LAI_map.download("udf.nc")

Hi @david.kovacs,

I recently did something similar. I trained a Random Forest model with sci-kit learn, converted to ONNX and used it with an openEO UDF to perform inference. I was supported by a developer of the VITO team through the NoR sponsoring (ESA sponsors you research project with funds) https://portfolio.nor-discover.org/

You can have a look here: openEO_photovoltaic/udf_inference/openeo_pv_farms_inference_udf.ipynb at main · clausmichele/openEO_photovoltaic · GitHub

@jeroen.dries @jeroen.verstraelen @stefaan.lippens can a model be loaded from a public github repo or does it have to be uploaded in the artifactory? Could you explain here the procedure or point to some documentation?

Hi Michele,

Thanks for providing some support. Actually, I have taken a look at your codes and I still could not find how you could apply the model on each spatial pixel on the datacube. Is it handled by the udf by default?

I would like to get the bands’ value for each pixel as my model works on the spectral information provided as a “list” of values. Suppose Sentinel 3 OLCI has 21 bands, thus I’d like to get for each lat-lon pixel a list of length 21, containing the radiance for each corresponding band

Dávid

Hi David,
for what you describe, you normally need an ‘apply_dimension’ process, with dimension=“bands”.

The udf then receives an xarray with all bands and no time dimension.
It will have spatial dimensions, which you should retain, for performance reasons.

Hope that helps!

Hi Jeroen,

Thanks for your help, I managed to use apply_dimension with the bands dimension, however I am still struggling to handle the bands within the udf.

My main concern is that when I do anythin within the udf, it gives me an array of (21,256,256) shape, (I guess because of the chunking process taking place back-end).

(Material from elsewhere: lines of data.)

(* (1) $0$ has exactly one infinite OOCF expansion, namely the constant sequence $(2,-1),(2,-1),\dots$; every $\infty$-rational $x\in(0,1)$ has exactly two infinite OOCF expansions and no finite OOCF expansion, and both infinite expansions are eventually the constant sequence $(2,-1)$. (2) Every $1$-rational $x\in(0,1)$ has no infinite OOCF expansion and exactly two finite OOCF expansions; these have the same length and differ only in their last digit. (3) Every irrational $x\in(0,1)$ has a unique infinite OOCF expansion (and no finite one).
   Context: Rationals are written $p/q$ with $p\in\mathbb Z$, $q\in\mathbb N$, $\gcd(p,q)=1$. A rational $p/q$ is a $1$-rational if $p,q$ are both odd and an $\infty$-rational if $p,q$ have different parity. Admissible digits: $D=\{(1,1)\}\cup\{(a,\varepsilon): a\in\mathbb Z,\ a\ge2,\ \varepsilon\in\{-1,1\}\}$. For integers $k\ge1$ put $B(k+1,-1)=\left[\frac{k-1}{k},\frac{2k-1}{2k+1}\right]$ and $B(k,1)=\left[\frac{2k-1}{2k+1},\frac{k}{k+1}\right]$. The OOCF map $T:[0,1]\to[0,1]$ is $T(x)=\frac{kx-(k-1)}{k-(k+1)x}$ for $x\in B(k+1,-1)$, $T(x)=\frac{k-(k+1)x}{kx-(k-1)}$ for $x\in B(k,1)$ ($k\ge1$; the formulas agree at common endpoints), and $T(1)=1$. An infinite OOCF expansion of $x\in[0,1]$ is a sequence $((a_n,\varepsilon_n))_{n\ge1}$ in $D$ with $T^{n-1}(x)\in B(a_n,\varepsilon_n)$ and $T^{n-1}(x)\neq1$ for all $n\ge1$. A finite OOCF expansion of $x$ of length $N\ge1$ is a sequence $((a_n,\varepsilon_n))_{n=1}^N$ in $D$ with $T^{n-1}(x)\in B(a_n,\varepsilon_n)$ and $T^{n-1}(x)\ne1$ for $1\le n\le N$, and $T^N(x)=1$. *)

From Stdlib Require Import Reals ZArith List.
Open Scope R_scope.

Definition digit : Type := (Z * Z)%type.

Definition admissible (d : digit) : Prop :=
  d = (1%Z, 1%Z) \/
  ((2 <= fst d)%Z /\ (snd d = (-1)%Z \/ snd d = 1%Z)).

Definition inB (d : digit) (x : R) : Prop :=
  let a := fst d in
  let e := snd d in
  (e = (-1)%Z /\ (1 <= a - 1)%Z /\
     let k := IZR (a - 1) in
     (k - 1) / k <= x <= (2 * k - 1) / (2 * k + 1)) \/
  (e = 1%Z /\ (1 <= a)%Z /\
     let k := IZR a in
     (2 * k - 1) / (2 * k + 1) <= x <= k / (k + 1)).

(* For x in [0,1), the integer k >= 1 with
   (k-1)/k <= x < k/(k+1) is k = floor(1/(1-x)); then x lies in B(k+1,-1)
   if x <= (2k-1)/(2k+1) and in B(k,1) otherwise (the two formulas agree at
   common endpoints).  T(1) = 1.  (Values outside [0,1] are irrelevant.) *)
Definition oocf_T (x : R) : R :=
  if Rle_dec 1 x then 1 else
  let k := IZR (Int_part (1 / (1 - x))) in
  if Rle_dec x ((2 * k - 1) / (2 * k + 1))
  then (k * x - (k - 1)) / (k - (k + 1) * x)
  else (k - (k + 1) * x) / (k * x - (k - 1)).

Definition oocf_iter (n : nat) (x : R) : R := Nat.iter n oocf_T x.

(* Infinite OOCF expansion: s n is the (n+1)-th digit (0-indexed). *)
Definition inf_expansion (x : R) (s : nat -> digit) : Prop :=
  forall n : nat,
    admissible (s n) /\ inB (s n) (oocf_iter n x) /\ oocf_iter n x <> 1.

Definition fin_expansion (x : R) (l : list digit) : Prop :=
  (1 <= length l)%nat /\
  (forall i : nat, (i < length l)%nat ->
     admissible (nth i l (1%Z, 1%Z)) /\
     inB (nth i l (1%Z, 1%Z)) (oocf_iter i x) /\ oocf_iter i x <> 1) /\
  oocf_iter (length l) x = 1.

Definition reduced_frac (x : R) (p q : Z) : Prop :=
  (0 < q)%Z /\ Z.gcd p q = 1%Z /\ x = IZR p / IZR q.

Definition one_rational (x : R) : Prop :=
  exists p q : Z, reduced_frac x p q /\ Z.odd p = true /\ Z.odd q = true.

Definition infty_rational (x : R) : Prop :=
  exists p q : Z, reduced_frac x p q /\ Z.odd p <> Z.odd q.

Definition irrational (x : R) : Prop :=
  ~ exists p q : Z, (0 < q)%Z /\ x = IZR p / IZR q.

From Stdlib Require Import Reals ZArith List Lra Lia.
Open Scope R_scope.

(* The cylinders B(a, eps), listed from left to right, are the intervals
   [i/(i+2), (i+1)/(i+3)], i >= 0, and on each of them T is a Moebius map with integer
   coefficients and determinant +-1 sending the two endpoints to 0 and 1.  Hence a point of
   (0,1) has two admissible digits if T maps it to 0 or 1 (it is then a common endpoint of two
   cylinders) and exactly one otherwise.  T maps irrationals in (0,1) to irrationals in (0,1).
   A rational p/q in (0,1) is mapped to p'/q' with 0 < q' < q, and since the coefficient matrix
   is a permutation matrix mod 2, the unordered pair of parities of numerator and denominator
   is preserved.  So the orbit reaches 0 or 1, and parity decides which: 1-rationals end at 1,
   giving a finite expansion with two choices of last digit, infinity-rationals end at the
   fixed point 0, whose only digit is (2,-1). *)

Lemma Rdiv_le_iff a b y : 0 < b -> (a / b <= y <-> a <= y * b).
Proof.
  intro Hb. replace a with (a / b * b) at 2 by (field; lra).
  split; intro H; [apply Rmult_le_compat_r | apply Rmult_le_reg_r with b]; lra.
Qed.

I have read everywhere in the documentation, but I still cant get it to work.

import openeo
from openeo.udf import XarrayDataCube

udf = openeo.UDF("""

def apply_datacube(cube: xarray.DataArray, context: dict) -> xarray.DataArray:

    from openeo.udf import XarrayDataCube
    import numpy as np
    import xarray as xr

    array_model = np.array([band for band in range(1,22)])
    result_map = xr.DataArray() # or np.array, needed for resulting map

    result_map = cube.values * array_model #I'd need cube.values to be an array lenght of 21

    return result_map
""")

rescaled = s3_cube.apply_dimension(process=udf,dimension="bands")
rescaled.download("udf.nc")

The main question is, how I would do mathematical array operations on the 21 bands with a 21 long array from my model? I would want to append these results to my new array (result_map)

thanks in advance!
Dávid